When we have the complete genome sequences of species that are representative of all three domains — archaea, bacteria, and eukaryotes — we are in a position to look for homologies that cut across this enormous gap in evolutionary history in a methodical manner. If we take this technique, we could start to determine the ancestry that all living things share in common. This endeavor faces a number of serious obstacles. Individual species, for instance, have regularly lost a portion of their ancestral DNA. Other genes have almost certainly been acquired via horizontal transfer from another species and are therefore not truly ancestral, despite the fact that they are shared. In point of fact, comparisons of genomes make it abundantly clear that, at least among prokaryotes, the process of evolution has been driven primarily by a combination of lineage-specific gene loss and horizontal gene transfer, with the latter occurring in some instances between evolutionarily distinct taxa. Finally, over a period of two or three billion years, some genes that were originally shared will have undergone so many changes that they can no longer be recognized.

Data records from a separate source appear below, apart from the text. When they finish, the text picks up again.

(* There exist partition exchange economies with cycle bound $\Delta=3$ and arbitrarily large $|V|$ whose $\big(\tfrac{|V|}{10}-1\big)$-supplemented core is empty.
   Context: A partition exchange economy consists of organizations $N=\{1,\dots,n\}$; pairwise disjoint finite sets $V^1,\dots,V^n$, $V=\bigcup_iV^i$; patient sets $U^i\subseteq V^i$; a directed compatibility graph $\mathcal G=(V,E)$; and a cycle bound $\Delta$. An exchange among $W\subseteq V$ is a set of vertex-disjoint directed cycles of length at most $\Delta$ in $\mathcal G[W]$; $u_i(\mathcal E)$ is the number of vertices of $U^i$ lying on cycles of $\mathcal E$. Given a finite set $V^0$ of new vertices (additional altruistic donors, in no organization), $\mathcal G^{+V^0}$ adds these vertices, an arc from every other vertex into each $a\in V^0$, and for each $a\in V^0$ arcs from $a$ to an arbitrarily chosen set of vertices; exchanges in $\mathcal G^{+V^0}$ are sets of vertex-disjoint cycles of length $\le\Delta$ in it. A nonempty coalition $P\subseteq N$ blocks an exchange $\mathcal E$ if some exchange $\mathcal E'$ among $\bigcup_{i\in P}V^i$ (in $\mathcal G$) has $u_i(\mathcal E')>u_i(\mathcal E)$ for all $i\in P$. An exchange of $\mathcal G^{+V^0}$ blocked by no coalition is in the $V^0$-supplemented core. The $d$-supplemented core is nonempty if for some $V^0$ with $|V^0|\le d$ and some choice of its out-arcs the $V^0$-supplemented core is nonempty; otherwise it is empty. *)

From mathcomp Require Import all_boot all_order all_algebra.
Set Implicit Arguments. Unset Strict Implicit. Unset Printing Implicit Defensive.
Import GRing.Theory Num.Theory.

(* Vertex set V = vtx; organization of a vertex = org v (so the V^i are the
   fibres of org, pairwise disjoint, covering V); patients U = union of U^i,
   with U^i = patient :&: V^i; directed compatibility graph = arc (no loops). *)
Record economy := Economy {
  n_org : nat;
  vtx : finType;
  org : vtx -> 'I_n_org;
  patient : {set vtx};
  arc : rel vtx;
  arc_irr : irreflexive arc
}.

(* An exchange among W in the digraph e with cycle bound delta: a list of
   vertex-disjoint directed cycles (each given by its cyclic vertex sequence),
   each of length between 1 and delta, all vertices in W. *)
Definition is_exchange (T : finType) (e : rel T) (delta : nat) (W : {set T})
    (X : seq (seq T)) : bool :=
  [&& uniq (flatten X),
      all (fun c => [&& 0 < size c, size c <= delta & cycle e c]) X &
      all (fun v => v \in W) (flatten X)].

It would appear that just a small portion of ancestral gene families have been uniformly kept in a form that can be recognized as a direct consequence of all of these peculiarities that have arisen as a result of evolution. Therefore, only 63 of the 4873 protein-coding gene families that were discovered by comparing the genomes of 50 different bacterial species, 13 different archaea, and 3 unicellular eukaryotic species are truly ubiquitous. This was determined by examining the similarities and differences between the genomes of these organisms (i.e., found in all the genomes examined). The vast majority of these universal families are made up of components that are used in the transcription and translation processes. There is a strong chance that this is not an accurate portrayal of an ancestral gene set. One can get a better, albeit still very rough, idea of the latter by adding up the gene families that have members in several, but not necessarily all, species from the three main domains. This is how one can get a better idea of the latter. This analysis uncovered 264 historical families that had been preserved over the centuries. A distinct function can be assigned to each family (typically with greater specificity, at least in terms of general biochemical activity).